(* Let $f,g\in\mathrm{Diffeo}^-(\mathbb{R})$ with $f(0)=g(0)=0$ and $f\circ f=g\circ g$. Suppose $0$ is an interior point of $\mathrm{fix}(f\circ f)=\{x\in\mathbb{R}: f(f(x))=x\}$. Then there exists $h\in\mathrm{Diffeo}^+(\mathbb{R})$ with $h(0)=0$, commuting with $f\circ f$, such that $T_0f=(T_0h)^{-1}\circ(T_0g)\circ(T_0h)$; and hence $f$ is conjugate to $g$ by an element of $\mathrm{Diffeo}^+(\mathbb{R})$.
   Context: $\mathrm{Diffeo}(\mathbb{R})$ is the group of $C^\infty$ diffeomorphisms of $\mathbb{R}$ under composition; $\mathrm{Diffeo}^+(\mathbb{R})$ (resp. $\mathrm{Diffeo}^-(\mathbb{R})$) is the set of orientation-preserving (resp. orientation-reversing) diffeomorphisms. For a diffeomorphism $\phi$ with $\phi(0)=0$, $T_0\phi=\phi'(0)X+\frac{\phi''(0)}{2}X^2+\cdots$ is its Taylor series at $0$, an element of the group of formally invertible real formal power series under formal composition, with $^{-1}$ the compositional inverse. *)

From Stdlib Require Import Reals Lra.
From Coquelicot Require Import Coquelicot.
Open Scope R_scope.

Definition smooth (f : R -> R) : Prop := forall (n : nat) (x : R), ex_derive_n f n x.

Definition is_inverse (f finv : R -> R) : Prop :=
  (forall x, finv (f x) = x) /\ (forall x, f (finv x) = x).

Definition Diffeo (f : R -> R) : Prop :=
  smooth f /\ exists finv, smooth finv /\ is_inverse f finv.

Definition Diffeo_plus (f : R -> R) : Prop :=
  Diffeo f /\ forall x y, x < y -> f x < f y.
Definition Diffeo_minus (f : R -> R) : Prop :=
  Diffeo f /\ forall x y, x < y -> f y < f x.

(** Formal power series over R, as coefficient sequences. *)
Definition fps := nat -> R.

Definition taylor0 (phi : R -> R) : fps := fun n => Derive_n phi n 0 / INR (Factorial.fact n).

Definition fps_mul (a b : fps) : fps :=
  fun n => sum_f_R0 (fun i => a i * b (n - i)%nat) n.
Fixpoint fps_pow (b : fps) (k : nat) : fps :=
  match k with
  | O => fun n => match n with O => 1 | S _ => 0 end
  | S k' => fps_mul b (fps_pow b k')
  end.

(** Formal composition a o b, for b with zero constant term
    (then (b^k)_n = 0 for k > n, so the sum is finite). *)
Definition fps_comp (a b : fps) : fps :=
  fun n => sum_f_R0 (fun k => a k * fps_pow b k n) n.

Definition fps_X : fps := fun n => match n with 1%nat => 1 | _ => 0 end.

(** Since [f ∘ f] is the identity near 0, so is [g ∘ g = f ∘ f], and for such an involution [u]
    the map [x ↦ (x - u x) / 2] is a diffeomorphism conjugating [u] to [x ↦ -x] near 0.
    Composing the one for [f] with the inverse of the one for [g] gives [l] with [l ∘ f = g ∘ l]
    near 0 and [l'(0) = 1].  Blending [l] into the identity with a cutoff yields an
    orientation-preserving diffeomorphism [h] equal to [l] near 0 and to the identity outside an
    interval on which [f ∘ f] is the identity; hence [h] commutes with [f ∘ f], and the identity of
    Taylor series follows from [h ∘ f = g ∘ h] near 0.  Finally, [k := h] on [[0, ∞)] and
    [k := g⁻¹ ∘ h ∘ f] on [(-∞, 0)] is smooth because [h ∘ f = g ∘ h] near 0, and [k ∘ f = g ∘ k]
    everywhere because [h] commutes with [f ∘ f = g ∘ g]. *)

From Stdlib Require Import Reals Lra Lia FunctionalExtensionality ClassicalEpsilon Ranalysis5.
From Coquelicot Require Import Coquelicot.
Open Scope R_scope.

Definition increasing (u : R -> R) : Prop := forall x y, x < y -> u x < u y.
Definition decreasing (u : R -> R) : Prop := forall x y, x < y -> u y < u x.

Lemma locally_Rabs (x r : R) (P : R -> Prop) :
  0 < r -> (forall y, Rabs (y - x) < r -> P y) -> locally x P.
Proof. intros Hr HP. exists (mkposreal r Hr). exact HP. Qed.

Lemma locally_Rabs_inv (x : R) (P : R -> Prop) :
  locally x P -> exists r, 0 < r /\ forall y, Rabs (y - x) < r -> P y.
Proof. intros [r Hr]. exists r. split; [apply cond_pos | exact Hr]. Qed.

Lemma locally_comp_0 (u : R -> R) (P : R -> Prop) :
  continuous u 0 -> u 0 = 0 -> locally 0 P -> locally 0 (fun x => P (u x)).
Proof. intros Hu Hu0 HP. unfold continuous in Hu. rewrite Hu0 in Hu. exact (Hu P HP). Qed.

Fixpoint Cn (n : nat) (u : R -> R) : Prop :=
  match n with
  | O => True
  | S n => (forall x, ex_derive u x) /\ Cn n (Derive u)
  end.

Lemma Derive_n_Sr (u : R -> R) (n : nat) (x : R) :
  Derive_n u (S n) x = Derive_n (Derive u) n x.
Proof. rewrite <- Nat.add_1_r, <- (Derive_n_comp u n 1). apply Derive_n_ext. reflexivity. Qed.

Lemma ex_derive_n_SSr (u : R -> R) (n : nat) (x : R) :
  ex_derive_n u (S (S n)) x <-> ex_derive_n (Derive u) (S n) x.
Proof.
  split; simpl; apply ex_derive_ext; intros y; [| symmetry]; apply Derive_n_Sr.
Qed.

Lemma smooth_S (u : R -> R) :
  smooth u <-> (forall x, ex_derive u x) /\ smooth (Derive u).
Proof.
  split.
  - intros Hu. split; [exact (Hu 1%nat) |].
    intros [|n] x; [exact I | exact (proj1 (ex_derive_n_SSr u n x) (Hu _ x))].
  - intros [H1 H2] [|[|n]] x;
      [exact I | exact (H1 x) | exact (proj2 (ex_derive_n_SSr u n x) (H2 _ x))].
Qed.

Lemma smooth_Cn (u : R -> R) : smooth u <-> forall n, Cn n u.
Proof.
  split.
  - intros Hu n. revert u Hu. induction n as [|n IH]; intros u Hu; [exact I |].
    apply smooth_S in Hu as [H1 H2]. split; auto.
  - intros Hu n. revert u Hu. induction n as [|[|n] IH]; intros u Hu x;
      [exact I | exact (proj1 (Hu 1%nat) x) |].
    apply (proj2 (ex_derive_n_SSr u n x)), IH. intros m. exact (proj2 (Hu (S m))).
Qed.

Lemma Cn_ext (n : nat) (u v : R -> R) : (forall x, u x = v x) -> Cn n u -> Cn n v.
Proof. intros H. replace v with u by (apply functional_extensionality; exact H). auto. Qed.

Lemma Cn_pred (n : nat) (u : R -> R) : Cn (S n) u -> Cn n u.
Proof.
  revert u; induction n as [|n IH]; intros u [H1 H2]; [exact I |].
  split; [exact H1 | exact (IH _ H2)].
Qed.

Lemma Cn_const (n : nat) (c : R) : Cn n (fun _ => c).
Proof.
  revert c; induction n as [|n IH]; intros c; [exact I |].
  split; [intros; apply ex_derive_const |].
  apply (Cn_ext n (fun _ => 0)); [intros x; symmetry; apply Derive_const | apply IH].
Qed.

Lemma Cn_id (n : nat) : Cn n (fun x => x).
Proof.
  destruct n; [exact I |]. split; [intros; apply ex_derive_id |].
  apply (Cn_ext n (fun _ => 1)); [intros x; symmetry; apply Derive_id | apply Cn_const].
Qed.

Lemma Cn_plus (n : nat) (u v : R -> R) : Cn n u -> Cn n v -> Cn n (fun x => u x + v x).
Proof.
  revert u v; induction n as [|n IH]; intros u v Hu Hv; [exact I |].
  destruct Hu as [Hu1 Hu2], Hv as [Hv1 Hv2].
  split; [intros x; exact (ex_derive_plus u v x (Hu1 x) (Hv1 x)) |].
  apply (Cn_ext n (fun x => Derive u x + Derive v x)); [| auto].
  intros x. symmetry. apply Derive_plus; auto.
Qed.

Lemma Cn_mult (n : nat) (u v : R -> R) : Cn n u -> Cn n v -> Cn n (fun x => u x * v x).
Proof.
  revert u v; induction n as [|n IH]; intros u v Hu Hv; [exact I |].
  pose proof (Cn_pred _ _ Hu) as Hu'. pose proof (Cn_pred _ _ Hv) as Hv'.
  destruct Hu as [Hu1 Hu2], Hv as [Hv1 Hv2].
  split; [intros x; apply ex_derive_mult; auto |].
  apply (Cn_ext n (fun x => Derive u x * v x + u x * Derive v x)).
  - intros x. symmetry. apply Derive_mult; auto.
  - apply Cn_plus; auto.
Qed.

Lemma Cn_comp (n : nat) (u v : R -> R) : Cn n u -> Cn n v -> Cn n (fun x => u (v x)).
Proof.
  revert u v; induction n as [|n IH]; intros u v Hu Hv; [exact I |].
  pose proof (Cn_pred _ _ Hu) as Hu'. pose proof (Cn_pred _ _ Hv) as Hv'.
  destruct Hu as [Hu1 Hu2], Hv as [Hv1 Hv2].
  split; [intros x; apply ex_derive_comp; auto |].
  apply (Cn_ext n (fun x => Derive v x * Derive u (v x))).
  - intros x. symmetry. apply Derive_comp; auto.
  - apply Cn_mult; auto.
Qed.

Lemma Cn_inv (n : nat) (w : R -> R) :
  (forall x, w x <> 0) -> Cn n w -> Cn n (fun x => / w x).
Proof.
  intros Hw0. revert w Hw0; induction n as [|n IH]; intros w Hw0 Hw; [exact I |].
  pose proof (Cn_pred _ _ Hw) as Hw'. destruct Hw as [Hw1 Hw2].
  assert (Hd : forall x, is_derive (fun y => / w y) x (- Derive w x / (w x) ^ 2)).
  { intros x. apply is_derive_inv; auto. apply Derive_correct; auto. }
  split; [intros x; eexists; apply Hd |].
  apply (Cn_ext n (fun x => (-1 * Derive w x) * (/ w x * / w x))).
  - intros x. symmetry. apply is_derive_unique.
    replace (-1 * Derive w x * (/ w x * / w x)) with (- Derive w x / (w x) ^ 2)
      by (field; auto).
    apply Hd.
  - apply Cn_mult; [apply Cn_mult; [apply Cn_const | auto] | apply Cn_mult; auto].
Qed.

Lemma smooth_ex_derive (u : R -> R) (x : R) : smooth u -> ex_derive u x.
Proof. intros H; exact (H 1%nat x). Qed.

Lemma smooth_is_derive (u : R -> R) (x : R) : smooth u -> is_derive u x (Derive u x).
Proof. intros H; apply Derive_correct, smooth_ex_derive, H. Qed.

Lemma smooth_continuous (u : R -> R) (x : R) : smooth u -> continuous u x.
Proof. intros H; exact (ex_derive_continuous u x (smooth_ex_derive u x H)). Qed.

Lemma smooth_Derive (u : R -> R) : smooth u -> smooth (Derive u).
Proof. intros H; exact (proj2 (proj1 (smooth_S u) H)). Qed.

Lemma smooth_ext (u v : R -> R) : (forall x, u x = v x) -> smooth u -> smooth v.
Proof. intros H. replace v with u by (apply functional_extensionality; exact H). auto. Qed.

Lemma smooth_const (c : R) : smooth (fun _ => c).
Proof. apply smooth_Cn; intros; apply Cn_const. Qed.

Lemma smooth_id : smooth (fun x => x).
Proof. apply smooth_Cn; intros; apply Cn_id. Qed.

Lemma smooth_plus (u v : R -> R) : smooth u -> smooth v -> smooth (fun x => u x + v x).
Proof. rewrite !smooth_Cn; intros; apply Cn_plus; auto. Qed.

Lemma smooth_mult (u v : R -> R) : smooth u -> smooth v -> smooth (fun x => u x * v x).
Proof. rewrite !smooth_Cn; intros; apply Cn_mult; auto. Qed.

Lemma smooth_comp (u v : R -> R) : smooth u -> smooth v -> smooth (fun x => u (v x)).
Proof. rewrite !smooth_Cn; intros; apply Cn_comp; auto. Qed.

Lemma smooth_inv (w : R -> R) : (forall x, w x <> 0) -> smooth w -> smooth (fun x => / w x).
Proof. rewrite !smooth_Cn; intros; apply Cn_inv; auto. Qed.

Lemma smooth_scal (c : R) (u : R -> R) : smooth u -> smooth (fun x => c * u x).
Proof. apply smooth_mult, smooth_const. Qed.

Lemma smooth_minus (u v : R -> R) : smooth u -> smooth v -> smooth (fun x => u x - v x).
Proof.
  intros Hu Hv. apply (smooth_ext (fun x => u x + -1 * v x)); [intros; ring |].
  apply smooth_plus, smooth_scal; auto.
Qed.

Lemma smooth_pow (u : R -> R) (k : nat) : smooth u -> smooth (fun x => u x ^ k).
Proof. intros H; induction k; simpl; [apply smooth_const | apply smooth_mult; auto]. Qed.

Lemma smooth_locally (u : R -> R) :
  (forall x, exists v, smooth v /\ locally x (fun y => v y = u y)) -> smooth u.
Proof.
  intros H n x. destruct (H x) as [v [Hv Hloc]].
  exact (ex_derive_n_ext_loc v u n x Hloc (Hv n x)).
Qed.

Lemma increasing_le (u : R -> R) : increasing u -> forall x y, x <= y -> u x <= u y.
Proof. intros H x y [Hxy | ->]; [left; auto | right; reflexivity]. Qed.

Lemma decreasing_le (u : R -> R) : decreasing u -> forall x y, x <= y -> u y <= u x.
Proof. intros H x y [Hxy | ->]; [left; auto | right; reflexivity]. Qed.

Lemma increasing_sign (u : R -> R) (x : R) : increasing u -> u 0 = 0 ->
  (0 < x -> 0 < u x) /\ (0 <= x -> 0 <= u x) /\ (x < 0 -> u x < 0).
Proof.
  intros Hu Hu0. rewrite <- Hu0.
  split; [| split]; intros; [apply Hu | apply (increasing_le u Hu) | apply Hu]; lra.
Qed.

Lemma decreasing_sign (u : R -> R) (x : R) : decreasing u -> u 0 = 0 ->
  (0 < x -> u x < 0) /\ (0 <= x -> u x <= 0) /\ (x < 0 -> 0 < u x).
Proof.
  intros Hu Hu0. rewrite <- Hu0.
  split; [| split]; intros; [apply Hu | apply (decreasing_le u Hu) | apply Hu]; lra.
Qed.

Lemma is_inverse_sym (u v : R -> R) : is_inverse u v -> is_inverse v u.
Proof. intros [H1 H2]; split; auto. Qed.

Lemma is_inverse_0 (u v : R -> R) : is_inverse u v -> u 0 = 0 -> v 0 = 0.
Proof. intros [H1 _] H0. rewrite <- H0 at 1. apply H1. Qed.

Lemma increasing_inverse (u v : R -> R) : increasing u -> is_inverse u v -> increasing v.
Proof.
  intros Hu [H1 H2] x y Hxy. destruct (Rtotal_order (v x) (v y)) as [h | [h | h]]; auto.
  - apply (f_equal u) in h. rewrite !H2 in h. lra.
  - apply Hu in h. rewrite !H2 in h. lra.
Qed.
Lemma Ppath_root_halfpath (V : finType) (H : btbg V) (i j : 'I_(ntrees H)) (u : V) :
  is_btbg H -> u \in Ppath i j -> u \in Roots H -> u != troot j -> u \in halfpath i j.
Proof.
case=> trees _ _ _ shared; rewrite inE => /orP [//|].
rewrite inE => /existsP [l /and3P [lj li lu]] /imsetP [k _ uk] uj.
have [[_ par_j _] _] := trees j.
have u_j : u \in tverts j by apply: connect_pstep_tverts par_j _ lu; case/andP: lj.
have kj : k != j by apply: contraNneq uj => kj; rewrite uk kj.
have u_k : u \in tverts k by rewrite uk; case: (trees k) => [[]].
have [_ u_leaf _] := shared k j u kj u_k u_j.
have ul := connect_pstep_leaf lu u_leaf.
by rewrite inE; apply/existsP; exists l; rewrite ul li lj connect0.
Qed.

Section PseudoedgeClauses.
Variables (V : finType) (H : btbg V) (Z : nbp V) (d : nat).
Variables (X : {set nvert Z}) (Y1 Y2 : {set V}).
Variables (M : {set 'I_(ntrees H) * 'I_(ntrees H)}) (S : {set V * bool}).
Hypotheses (btbgH : is_btbg H) (nbpZ : is_nbp Z) (readZ : uniform_read Z d).
Hypotheses (computesZ : computes Z (phiH H)).
Hypotheses (Y1_roots : Y1 \subset Roots H) (Y2_roots : Y2 \subset Roots H).
Hypotheses (sepX : separates X Y1 Y2) (matchM : pseudomatching_between M Y1 Y2).
Hypothesis assignS : assignment_on S (~: bigcupM M).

▸ **WHAT NEEDS TO BE DONE**: The output should be exactly the lines above from the line containing "near 0 and [l'(0)" to the line containing "Taylor series follows", inclusive, with no other lines.

▸ **ANSWER SECTION**:
    near 0 and [l'(0) = 1].  Blending [l] into the identity with a cutoff yields an
    orientation-preserving diffeomorphism [h] equal to [l] near 0 and to the identity outside an
    interval on which [f ∘ f] is the identity; hence [h] commutes with [f ∘ f], and the identity of
    Taylor series follows from [h ∘ f = g ∘ h] near 0.  Finally, [k := h] on [[0, ∞)] and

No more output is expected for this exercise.